Character Sets and Encoding
Arbortext Editor supports the import and export of both 8-bit (for example, ISO-Latin) and multibyte character encodings (for example, Shift-JIS and GB_2312-80). These character encodings are required for input, display, and publishing of the following languages:
• Japanese
• Simplified Chinese
• Traditional Chinese
• Korean
• English
• European (European characters are represented as character entities within Asian-encoded files)

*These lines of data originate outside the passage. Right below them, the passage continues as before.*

Lemma weighted_mean_cvg0 {d w} {M : R} :
  (forall k, 0 < w k) ->
  (forall k, w k.+1 <= w k) \/ (forall k, w k <= w k.+1) ->
  (forall n, n.+1%:R * w n <= M * psum w n.+1) ->
  (fun n => psum w n.+1) @ \oo --> +oo ->
  (fun n => psum d n.+1 / n.+1%:R) @ \oo --> 0 ->
  (fun n => (\sum_(k < n.+1) d k * w k) / psum w n.+1) @ \oo --> 0.
Proof.
move=> w_gt0 wmono HM /cvgryPge Wy /cvgrPdist_le dmean.
have w_ge0 k : 0 <= w k by exact: ltW.
have W_gt0 n : 0 < psum w n.+1 by exact: psum_gt0.
have M_gt0 : 0 < M.
  have := HM 0%N; rewrite /psum big_ord1 mul1r -[X in X <= _]mul1r ler_pM2r //.
  by move/(lt_le_trans ltr01).
apply/cvgrPdist_le => eta eta0.
pose eps := eta / (2 * (1 + 2 * M)).
have eps0 : 0 < eps by rewrite divr_gt0 // pmulr_rgt0 //; lra.
have [K _ HK] := dmean eps eps0.
have Sle k : (K <= k)%N -> `|psum d k.+1| <= eps * k.+1%:R.
  move=> /HK /=; rewrite sub0r normrN normrM normfV (ger0_norm (ler0n _ _)).
  by rewrite ler_pdivrMr.
pose C := \sum_(k < K) `|psum d k.+1| * `|w k - w k.+1|.
have [N _ HN] := Wy (2 * C / eta).
exists (maxn N K) => // n /=; rewrite geq_max => /andP[nN nK].
rewrite sub0r normrN normrM normfV (gtr0_norm (W_gt0 n)) ler_pdivrMr // abel_summation.
set W := psum w n.+1.
have last_term : `|psum d n.+1 * w n| <= eps * M * W.
  rewrite normrM (gtr0_norm (w_gt0 n)) -mulrA.
  by apply: (le_trans (ler_wpM2r (w_ge0 n) (Sle n nK))); rewrite -mulrA ler_wpM2l ?HM // ltW.
have sum_terms : `|\sum_(k < n) psum d k.+1 * (w k - w k.+1)| <= C + eps * ((1 + M) * W).
  apply: (le_trans (ler_norm_sum _ _ _)); under eq_bigr do rewrite normrM.
  have var_ge0 k : 0 <= k.+1%:R * `|w k - w k.+1| by rewrite mulr_ge0.
  have tail k : (K <= k)%N ->
      `|psum d k.+1| * `|w k - w k.+1| <= eps * (k.+1%:R * `|w k - w k.+1|).
    by move=> Kk; rewrite mulrA ler_wpM2r // Sle.
  apply: (le_trans (ler_sum_head_tail (ltW eps0) nK var_ge0 tail)).
  rewrite lerD2l ler_wpM2l ?(ltW eps0) //.
  apply: (le_trans (monotone_variation _ n w_ge0 wmono)).
  by rewrite mulrDl mul1r lerD2l HM.
have C_le : C <= eta / 2 * W.
  by move: (HN n nN); rewrite ler_pdivrMr // -/W; lra.
have epsE : eps * M * W + eps * ((1 + M) * W) = eta / 2 * W.
  by rewrite /eps; field; lra.
by apply: (le_trans (ler_normD _ _)); lra.
Qed.

End WeightedMeans.

Section PowerWeights.
Context {R : realType}.
Implicit Types alpha : R.

Definition weight alpha k : R := k.+1%:R `^ alpha.

Lemma NsumE alpha n : Nsum alpha n = psum (weight alpha) n.
Proof. by []. Qed.

Lemma weight_gt0 alpha k : 0 < weight alpha k.
Proof. by rewrite powR_gt0 // ltr0Sn. Qed.

Lemma le0_ger_powR (a b r : R) : r <= 0 -> 0 < a -> a <= b -> b `^ r <= a `^ r.
Proof.
move=> r0 a0 ab; have b0 := lt_le_trans a0 ab.
by rewrite /powR !gt_eqF // ler_expR ler_wnM2l // ler_ln // posrE.
Qed.

Lemma weight_monotone alpha :
  (forall k, weight alpha k.+1 <= weight alpha k) \/
  (forall k, weight alpha k <= weight alpha k.+1).
Proof.
have [a0|a0] := leP 0 alpha.
  by right => k; apply: ge0_ler_powR; rewrite ?nnegrE ?ler_nat.
by left => k; apply: le0_ger_powR; [exact: ltW | exact: ltr0Sn | rewrite ler_nat].
Qed.

(* For alpha >= 0 pair k with n - k: one of k + 1, n - k + 1 is at least (n + 1) / 2. *)
Lemma weight_doubling alpha : exists M,
  forall n, n.+1%:R * weight alpha n <= M * psum (weight alpha) n.+1.
Proof.
have sum_const (x : R) n : n.+1%:R * x = \sum_(k < n.+1) x.
  by rewrite sumr_const card_ord mulr_natl.
have [a0|a0] := leP 0 alpha; last first.
  exists 1 => n; rewrite mul1r sum_const; apply: ler_sum => k _.
  by apply: le0_ger_powR; [exact: ltW | exact: ltr0Sn | rewrite ler_nat ltn_ord].
exists (2 * 2 `^ alpha) => n.
pose h : R := n.+1%:R / 2.
have h_ge0 : 0 <= h by rewrite divr_ge0.
have pair k : (k < n.+1)%N -> h `^ alpha <= weight alpha k + weight alpha (n - k).
  move=> kn; have w1 := weight_gt0 alpha k; have w2 := weight_gt0 alpha (n - k).
  have [hk|hk] := leqP n.+1 (k.+1 * 2).
    suff : h `^ alpha <= weight alpha k by lra.
    by apply: ge0_ler_powR; rewrite ?nnegrE // ler_pdivrMr // -natrM ler_nat.
  suff : h `^ alpha <= weight alpha (n - k) by lra.
  apply: ge0_ler_powR; rewrite ?nnegrE // ler_pdivrMr // -natrM ler_nat.
  by move: hk kn; clear; lia.
have twice : 2 * psum (weight alpha) n.+1 =
    \sum_(k < n.+1) (weight alpha k + weight alpha (n - k)).
  rewrite big_split /= mulr_natl mulr2n; congr (_ + _).
  rewrite /psum -(big_mkord xpredT (weight alpha)) big_rev_mkord subn0.
  by apply: eq_bigr => k _; rewrite subSS.
have hsum : n.+1%:R * h `^ alpha <= 2 * psum (weight alpha) n.+1.
  by rewrite twice sum_const; apply: ler_sum => k _; apply: pair.
have -> : weight alpha n = 2 `^ alpha * h `^ alpha.
  by rewrite /weight -powRM // /h mulrC divfK.
by rewrite mulrCA [2 * _]mulrC -mulrA ler_wpM2l ?powR_ge0.
Qed.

Arbortext Editor supports the following character sets and encoding methods:
• Adobe-Standard-Encoding
Adobe-Standard-Encoding allows a single font to be used for multiple operating systems.
• ISO-8859-1 through 9
ISO 8859 defines accented and non-Latin characters used in European languages. ISO-8859 supports the following character sets:
◦ Part 1: – Latin Alphabet No. 1
◦ Part 2: – Latin Alphabet No. 2
◦ Part 3: – Latin Alphabet No. 3
◦ Part 4: – Latin Alphabet No. 4
◦ Part 5: – Latin/Cyrillic Alphabet
◦ Part 6: – Latin/Arabic Alphabet
◦ Part 7: – Latin/Greek Alphabet
◦ Part 8: – Latin/Hebrew Alphabet
◦ Part 9: – Latin Alphabet No. 5
◦ Part 10: – Latin Alphabet No. 6
• ISO-10646-UCS-2
The International Standards Organization's encoding that is equivalent to Unicode.
ISO 10646 actually defines two encoding methods, one of which is a 4-byte form referred to as 10646.UCS-4. 10646.UCS-4 can encode over 4 billion unique characters.
When writing an XML document in UCS-2, Arbortext Editor always writes out a byte order mark.
• EUC-JP
Extended UNIX Code.
EUC was developed as a method of handling multiple character sets, Japanese or otherwise, within a single text stream. EUC-JP is ISO-2022 compliant 8-bit encoding for which initially designated ASCII to GO and JIS X 0208-1983 to G1 without explicit announcement.
• Shift-JIS
The Japan Industry Standard multibyte encoding.
The encoding, developed by Microsoft, has been widely implemented on Japanese PCs. It is the Japan Industry Standard multibyte encoding. The codes are numerically shifted from the codes used by JIS standard X 0208. Shift-JIS is also referred to as MS Kanji and SJIS.
• Big5
The multibyte encoding standardized by Taiwan. Traditional Chinese is encoded in Big 5.
• GB_2312-80
The multibyte encoding standardized by the People's Republic of China. Simplified Chinese is encoded using GB_2312-80.
• KSC_5601
The multibyte Wansung and Johab encoding standardized by Korea.
• UTF-8
Unicode character set Transformation Format, 8-bit form.
UTF-8 is a variable-length encoding of Unicode using 8–bit sequences. This transformation format was developed by X/Open. It is described in ISO/TEC 10646 AM1.
• US-ASCII
American Standard Code for Information Interchange.
ASCII specifies codes and SPACE and a set of 94 characters (letters, digits and punctuation or mathematical symbols) suitable for the interchange of English language documents.